Подошёл к ней нарочито неторопливо, хотя внутри у него уже привычно тикал секундомер, отщёлкивая мгновения от часа свидания. Он усилием воли подавил в себе приступ недостойной, кроличьей поспешности. Когда-то, в самом начале, он просто набрасывался на неё, расплющивал под собой, истязал её весь отпущенный час, час торжества. Но теперь ему этого было мало. Теперь ему хотелось видеть, как карие глаза подвижным блеском отмечают его приближение, как раскрываются губы, как румянец предвкушения согревает щёки. Видеть, как она хочет его.
Он скользнул пальцами по чёрной материи платья, почувствовал тепло её тела, сочащееся сквозь ткань, небрежно задел сосок ногтем. Она сразу прикусила нижнюю алую губу, опустила ресницы, запрокинула голову, положила ладони ему на грудь — всё эти движения были так же невыносимо фальшивы, как “шёлк” её платья. Чёрт, надо было просто сдёрнуть с неё эту дешёвую тряпку да трахнуть, пока было желание — а теперь его как бы и нет. За каким дьяволом его тянет на лирику? Он одним злобным рывком оголил её… почти оголил — на ней был ещё и пояс с чулками. Что за дура.
Но тело всё же было её, томительное, смуглое, знакомое от яркой жилки под ключицей до маленьких натруженных ступней. И шрамы, несмываемое клеймо на внутренней стороне предплечья, заявляющее всему миру, что она, прежде всего, грязнокровка. Очень удобно. Надо было ещё и на лбу написать.

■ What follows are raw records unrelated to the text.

(* Let $r = pq$ with integers $p, q > 1$, and let $M$ be an $r \times r$ binary circulant matrix (over $\mathbb{F}_2$) with first row $\mathbf{c} = (c_0, c_1, \ldots, c_{r-1})$. Let $k$ be an integer. (1) If $c_{(k+pi) \bmod r} = 1$ for $i = 0, 1, \ldots, q-1$ and all other entries of $\mathbf{c}$ are $0$, then $\operatorname{rank}(M) = p$. (2) If $c_{(k+i) \bmod r} = 1$ for $i = 0, 1, \ldots, p-1$ and all other entries of $\mathbf{c}$ are $0$, then $\operatorname{rank}(M) = r - p + 1$. Here rank is taken over $\mathbb{F}_2$.
   Context: An $r\times r$ circulant matrix is one in which each row is the cyclic right shift by one position of the row above it; it is determined by its first row. *)

From mathcomp Require Import all_boot all_order all_algebra.
Set Implicit Arguments. Unset Strict Implicit. Unset Printing Implicit Defensive.
Import GRing.Theory.
Local Open Scope ring_scope.

Definition circ_idx (n : nat) (i j : 'I_n) : 'I_n :=
  Ordinal (ltn_pmod (j + n - i)%N (leq_ltn_trans (leq0n i) (ltn_ord i))).

(* The n x n circulant matrix with first row c: each row is the cyclic right
   shift by one of the row above, i.e. M i j = c_{(j - i) mod n}. *)
Definition circulant (F : Type) (n : nat) (c : 'I_n -> F) : 'M[F]_n :=
  \matrix_(i, j) c (circ_idx i j).

(* All rows of the circulant are 0/1 vectors, and the argument
   works over any field.
   (1) The support of row i is the residue class of i + k modulo p, so row i
   only depends on i mod p and the rank is at most p; rows 0..p-1 restricted
   to the columns (b + k) mod n, b < p, form the identity matrix.
   (2) The support of row i is the cyclic window i + k, ..., i + k + p - 1.
   As p divides n, such a window meets every residue class modulo p exactly
   once, so the circulant maps the indicator vector of every class to the
   all-ones vector; the p - 1 independent differences of these indicators lie
   in the kernel, whence rank <= n - p + 1.  Rows 0..n-p restricted to the
   columns (b + k + p - 1) mod n form a unitriangular matrix. *)

From mathcomp Require Import all_boot all_order all_algebra zify.
Import GRing.Theory Num.Theory.
Set Implicit Arguments.
Unset Strict Implicit.
Unset Printing Implicit Defensive.

Local Open Scope ring_scope.

Lemma mxrank_rowsub_le (F : fieldType) m m' n (f : 'I_m' -> 'I_m)
    (A : 'M[F]_(m, n)) :
  (\rank (rowsub f A) <= \rank A)%N.
Proof. by rewrite rowsubE mxrankM_maxr. Qed.

Lemma mxrank_ge_unitrig_submx (F : fieldType) m r s (M : 'M[F]_(r, s))
    (f : 'I_m -> 'I_r) (g : 'I_m -> 'I_s) :
  (forall a b : 'I_m, (a <= b)%N -> M (f a) (g b) = (a == b)%:R) ->
  (m <= \rank M)%N.
Proof.
move=> M_unitrig.
have rk_sub : \rank (mxsub f g M) = m.
  apply: mxrank_unit; rewrite unitmxE det_trig; last first.
    apply/is_trig_mxP => a b ab; rewrite mxE M_unitrig; last exact: ltnW.
    by rewrite -(inj_eq val_inj) ltn_eqF.
  by rewrite big1 ?unitr1 // => a _; rewrite mxE M_unitrig ?eqxx.
rewrite -rk_sub -[M in mxsub _ _ M]mulmx1 mxsub_mul.
by apply: leq_trans (mxrankM_maxl _ _) (mxrank_rowsub_le _ _).
Qed.

Lemma mxrank_mulmx_eq0_le (F : fieldType) r s t (M : 'M[F]_(r, s))
    (Y : 'M_(s, t)) :
  M *m Y = 0 -> (\rank M + \rank Y <= s)%N.
Proof.
move=> MY0.
have : (Y^T <= kermx M^T)%MS by apply/sub_kermxP; rewrite -trmx_mul MY0 trmx0.
move/mxrankS; rewrite mxrank_ker !mxrank_tr.
have := rank_leq_col M; lia.
Qed.

Lemma sumr_nat_card (R : nzSemiRingType) (I : finType) (P : pred I) :
  \sum_i (P i)%:R = #|P|%:R :> R.
Proof.
rewrite -sumr_const [RHS]big_mkcond /=.
by apply: eq_bigr => i _; rewrite unfold_in; case: (P i).
Qed.

Lemma circ_idxE n (i j : 'I_n) :
  (circ_idx i j)%:Z = ((j%:Z - i%:Z) %% n%:Z)%Z.
Proof.
rewrite /circ_idx /= -modz_nat.
have -> : ((j + n - i)%N : int) = j%:Z - i%:Z + n%:Z by have := ltn_ord i; lia.
by rewrite modzDr.
Qed.

Lemma modz_dvd (d m n : int) :
  (d %| n)%Z -> ((m %% n)%Z %% d)%Z = (m %% d)%Z.
Proof. by case/dvdzP => e ->; rewrite {2}(divz_eq m (e * d)) mulrA modzMDl. Qed.

Lemma dvdz_small (d : nat) (x : int) :
  - d%:Z < x < d%:Z -> (d%:Z %| x)%Z = (x == 0).
Proof.
move=> /andP [x_gt x_lt].
apply/dvdz_mod0P/eqP => [x_mod | ->]; last exact: mod0z.
have [x_ge0 | x_lt0] := lerP 0 x.
  by move: x_mod; rewrite modz_small ?x_ge0.
have xp_small : 0 <= x + d%:Z < d%:Z by apply/andP; split; lia.
by move: x_mod; rewrite -modzDr modz_small // => xp0; lia.
Qed.

Section ModularOrdinal.

Variable n : nat.

Lemma eq_ord_modz (j : 'I_n) (x : int) :
  (j%:Z == (x %% n%:Z)%Z) = (n%:Z %| j%:Z - x)%Z.
Proof.
by rewrite -eqz_mod_dvd [(j%:Z %% _)%Z]modz_small //; have := ltn_ord j; lia.
Qed.

Hypothesis n_gt0 : (0 < n)%N.

Lemma absz_modz_lt (x : int) : (`|(x %% n%:Z)%Z| < n)%N.
Proof. lia. Qed.

Definition ordz (x : int) : 'I_n := Ordinal (absz_modz_lt x).

Lemma ordzE (x : int) : (ordz x)%:Z = (x %% n%:Z)%Z.
Proof. rewrite /=; lia. Qed.

Lemma eq_ordz (j : 'I_n) (x : int) : (j == ordz x) = (n%:Z %| j%:Z - x)%Z.
Proof. by rewrite -eq_ord_modz -ordzE eqz_nat. Qed.

End ModularOrdinal.

Section ResidueArithmetic.

Variables p q : nat.
Hypotheses (p_gt0 : (0 < p)%N) (q_gt0 : (0 < q)%N).
Local Notation n := (p * q)%N.

Lemma leq_p_n : (p <= n)%N.
Proof. by rewrite leq_pmulr. Qed.

Lemma pq_gt0 : (0 < n)%N.
Proof. by rewrite muln_gt0 p_gt0 q_gt0. Qed.

Lemma dvdz_p_n : (p%:Z %| n%:Z)%Z.
Proof. by rewrite PoszM dvdz_mulr. Qed.

Lemma dvdz_modz_n (x r : int) :
  (p%:Z %| (x %% n%:Z)%Z - r)%Z = (p%:Z %| x - r)%Z.
Proof.
have E : (((x %% n%:Z)%Z - r) %% p%:Z)%Z = ((x - r) %% p%:Z)%Z.
  by rewrite -modzDml modz_dvd ?dvdz_p_n // modzDml.
by apply/dvdz_mod0P/dvdz_mod0P; rewrite E.
Qed.

Lemma exists_progression_modz (j : 'I_n) (k : int) :
  [exists i : 'I_q, (j%:Z == (k + (p * i)%:Z) %% (p * q)%:Z)%Z]
  = (p%:Z %| j%:Z - k)%Z.
Proof.
apply/existsP/idP => [[i /eqP ->] | /dvdzP [m jE]].
  by rewrite dvdz_modz_n addrAC subrr add0r PoszM dvdz_mulr.
have m_lt : (`|(m %% q%:Z)%Z| < q)%N by lia.
exists (Ordinal m_lt); rewrite eq_ord_modz /=.
have -> : j%:Z - (k + (p * `|(m %% q%:Z)%Z|)%N%:Z) = (m %/ q%:Z)%Z * n%:Z.
  by rewrite PoszM (divz_eq m q%:Z) in jE *; lia.
exact: dvdz_mull.
Qed.

Lemma exists_window_modz (j : 'I_n) (k : int) :
  [exists i : 'I_p, (j%:Z == (k + i%:Z) %% (p * q)%:Z)%Z]
  = ((j%:Z - k) %% n%:Z < p%:Z)%Z.
Proof.
apply/existsP/idP => [[i /eqP ->] | w_lt].
  rewrite modzDml addrAC subrr add0r modz_small //;
    by have := ltn_ord i; have := leq_p_n; lia.
have i_lt : (`|((j%:Z - k) %% n%:Z)%Z| < p)%N by lia.
exists (Ordinal i_lt); rewrite eq_ord_modz /=.
have -> : j%:Z - (k + `|((j%:Z - k) %% n%:Z)%Z|%N%:Z)
          = (j%:Z - k) - ((j%:Z - k) %% n%:Z)%Z by lia.
by rewrite -eqz_mod_dvd modz_mod.
Qed.

Lemma card_window_class (y r : int) :
  #|[pred j : 'I_n | ((j%:Z - y) %% n%:Z < p%:Z)%Z && (p%:Z %| j%:Z - r)%Z]|
  = 1%N.
Proof.
pose s := ((r - y) %% p%:Z)%Z.
apply: (@eq_card1 _ (ordz pq_gt0 (y + s))) => j; rewrite !inE eq_ordz.
have -> : j%:Z - (y + s) = (j%:Z - y) - s by lia.
have -> : j%:Z - r = (j%:Z - y) - (r - y) by lia.
rewrite -dvdz_modz_n -!eqz_mod_dvd -/s [(s %% _)%Z]modz_small; last first.
  by have := leq_p_n; lia.
set w := ((j%:Z - y) %% n%:Z)%Z.
have [w_lt | w_ge] := ltrP w p%:Z.
  by rewrite modz_small //; lia.
by apply/esym/negbTE; lia.
Qed.

End ResidueArithmetic.

Section CirculantRank.

Variables (F : fieldType) (p q : nat) (k : int).
Hypotheses (p_gt0 : (0 < p)%N) (q_gt0 : (0 < q)%N).
Local Notation n := (p * q)%N.
Local Notation ordn := (ordz (pq_gt0 p_gt0 q_gt0)).
Variable c : 'I_n -> F.

Section ResidueClassSupport.

Hypothesis c_class : forall j : 'I_(p * q),
  c j = if [exists i : 'I_q, (j%:Z == (k + (p * i)%:Z) %% (p * q)%:Z)%Z]
        then 1 else 0.

Lemma circulant_class_entry (a b : 'I_n) :
  circulant c a b = (p%:Z %| b%:Z - (a%:Z + k))%Z%:R.
Proof.
rewrite mxE c_class exists_progression_modz // circ_idxE dvdz_modz_n //.
by rewrite opprD addrA; case: ifP.
Qed.

Lemma rank_circulant_class : \rank (circulant c) = p.
Proof.
apply/eqP; rewrite eqn_leq; apply/andP; split.
  pose N := rowsub (widen_ord (leq_p_n p q_gt0)) (circulant c).
  have -> : circulant c = rowsub (fun i => Ordinal (ltn_pmod i p_gt0)) N.
    apply/matrixP => i j.
    rewrite circulant_class_entry 2!mxE circulant_class_entry /=.
    have -> : j%:Z - (i%:Z + k)
              = j%:Z - ((i %% p)%N%:Z + k) + (- (i %/ p)%N%:Z) * p%:Z.
      by have := divn_eq i p; lia.
    by rewrite rpredDr // dvdz_mull.
  exact: leq_trans (mxrank_rowsub_le _ _) (rank_leq_row _).
apply: (@mxrank_ge_unitrig_submx _ _ _ _ _
          (widen_ord (leq_p_n p q_gt0)) (fun b => ordn (b%:Z + k))).
move=> a b ab; rewrite circulant_class_entry ordzE dvdz_modz_n //.
have -> : b%:Z + k - (a%:Z + k) = b%:Z - a%:Z by lia.
rewrite dvdz_small; last by have := ltn_ord b; lia.
by rewrite -(inj_eq val_inj) /=; congr ((_ : bool)%:R); apply/eqP/eqP; lia.
Qed.

End ResidueClassSupport.

Section WindowSupport.

Hypothesis c_window : forall j : 'I_(p * q),
  c j = if [exists i : 'I_p, (j%:Z == (k + i%:Z) %% (p * q)%:Z)%Z]
        then 1 else 0.

Lemma circulant_window_entry (a b : 'I_n) :
  circulant c a b = ((b%:Z - (a%:Z + k)) %% n%:Z < p%:Z)%Z%:R.
Proof.
rewrite mxE c_window exists_window_modz // circ_idxE modzDml.
by rewrite opprD addrA; case: ifP.
Qed.

Lemma circulant_mul_class (r : int) (a : 'I_n) :
  \sum_j circulant c a j * (p%:Z %| j%:Z - r)%Z%:R = 1.
Proof.
under eq_bigr => j _ do rewrite circulant_window_entry -natrM mulnb.
by rewrite sumr_nat_card card_window_class.
Qed.

Lemma rank_circulant_window : \rank (circulant c) = (n - p + 1)%N.
Proof.
apply/eqP; rewrite eqn_leq; apply/andP; split.
  pose Y : 'M[F]_(n, p.-1) :=
    \matrix_(j, t) ((p%:Z %| j%:Z - t.+1%:Z)%Z%:R - (p%:Z %| j%:Z - 0)%Z%:R).
  have MY0 : circulant c *m Y = 0.
    apply/matrixP => a t; rewrite mxE [RHS]mxE.
    under eq_bigr => j _ do rewrite [Y _ _]mxE mulrBr.
    by rewrite sumrB !circulant_mul_class subrr.
  have rkY : (p.-1 <= \rank Y)%N.
    apply: (@mxrank_ge_unitrig_submx _ _ _ _ Y
              (fun t => ordn t.+1%:Z) id) => t u tu.
    rewrite mxE ordzE modz_small; last first.
      by have := ltn_ord t; have := leq_p_n p q_gt0; lia.
    rewrite subr0 !dvdz_small; try by have := ltn_ord t; have := ltn_ord u; lia.
    have -> : (t.+1%:Z == 0) = false by lia.
    rewrite /= subr0 -(inj_eq val_inj) /=.
    by congr ((_ : bool)%:R); apply/eqP/eqP; lia.
  by have := mxrank_mulmx_eq0_le MY0; have := prednK p_gt0; lia.
have row_lt (a : 'I_(n - p + 1)) : (a < n)%N by have := ltn_ord a; lia.
apply: (@mxrank_ge_unitrig_submx _ _ _ _ _ (fun a => Ordinal (row_lt a))
          (fun b => ordn (b%:Z + k + p%:Z - 1))).
move=> a b ab; rewrite circulant_window_entry ordzE /= modzDml.
have -> : b%:Z + k + p%:Z - 1 - (a%:Z + k) = b%:Z + p%:Z - 1 - a%:Z by lia.
rewrite modz_small; last by have := ltn_ord b; have := leq_p_n p q_gt0; lia.
rewrite -(inj_eq val_inj) /=.
by congr ((_ : bool)%:R); apply/idP/idP => /eqP ?; lia.
Qed.

End WindowSupport.

End CirculantRank.

Theorem theorem3 (p q : nat) (hp : (1 < p)%N) (hq : (1 < q)%N) (k : int) :
  (forall c : 'I_(p * q) -> 'F_2,
     (forall j : 'I_(p * q),
        c j = if [exists i : 'I_q,
                   (j%:Z == (k + (p * i)%:Z) %% (p * q)%:Z)%Z]
              then 1 else 0) ->
     \rank (circulant c) = p)
  /\
  (forall c : 'I_(p * q) -> 'F_2,
     (forall j : 'I_(p * q),
        c j = if [exists i : 'I_p,
                   (j%:Z == (k + i%:Z) %% (p * q)%:Z)%Z]
              then 1 else 0) ->
     \rank (circulant c) = (p * q - p + 1)%N).
Proof.
have p_gt0 : (0 < p)%N by apply: ltnW.
have q_gt0 : (0 < q)%N by apply: ltnW.
split=> c c_supp; [exact: rank_circulant_class | exact: rank_circulant_window].
Qed.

Он сжал её запястье, поднёс ко рту её руку, провёл языком по клейму. Она вздрогнула, удивившись остроте ощущения, с недоумением взглянула себе на руку, а когда перевела взгляд на него, то в глазах её впервые было подлинное, не наигранное выражение — страх. Ну вот, теперь дело пойдёт веселее. Он улыбнулся в её побелевшее под гримом лицо.
Сейчас её ладони упирались ему в грудь изо всех сил, она отталкивала его, отворачивалась, вырывалась… рассыпалась непрочная причёска, размазалась косметика, чулки и пояс давно валялись на полу, изодранные в клочья, она кричала, она была теперь почти настоящей. Была бы совсем настоящей, если бы не невыносимо чужой запах духов — приторный, отдающий жжёным сахаром и мускусом. Она такими не пользовалась — тогда. Теперь же она постоянна пахла, воняла только ими. Он задыхался, он с ума сходил, бесился от этой вони, оскалясь, зарычал от бешенства, она вырвалась от него, метнулась к двери, вопя, но он нагнал её и повалил, она опять вырвалась, и он схватил её, почти теряя сознание от отвратительного запаха. Это пройдёт, стоит только вонзиться в неё... и это прошло, сразу, как только он преодолел её бешеное сопротивление, привычно вскрыл её собой, когда она нестерпимо завизжала под ним и впилась ногтями ему в лицо. Этого он почти не почувствовал, он чувствовал только, как её лоно сжалось от первой боли вокруг его члена, даря невыносимое наслаждение, освобождая дыхание, избавляя от вони. Ничто ему больше не мешало, ничто не имело значения, кроме падения в жаркую глубь. То, что она кричит под ним от ужаса и боли, что губы её искусаны, и кровь смешалась с помадой, что он, запустив пальцы ей в рот, чтобы почувствовать его горячую влажность, беспомощное шевеление её языка, почти задушил её, что она хрипит и давится — всё это не имело значения. И он бы, конечно, задушил её, если бы не кончил раньше. Счастлив твой бог, шлюшка.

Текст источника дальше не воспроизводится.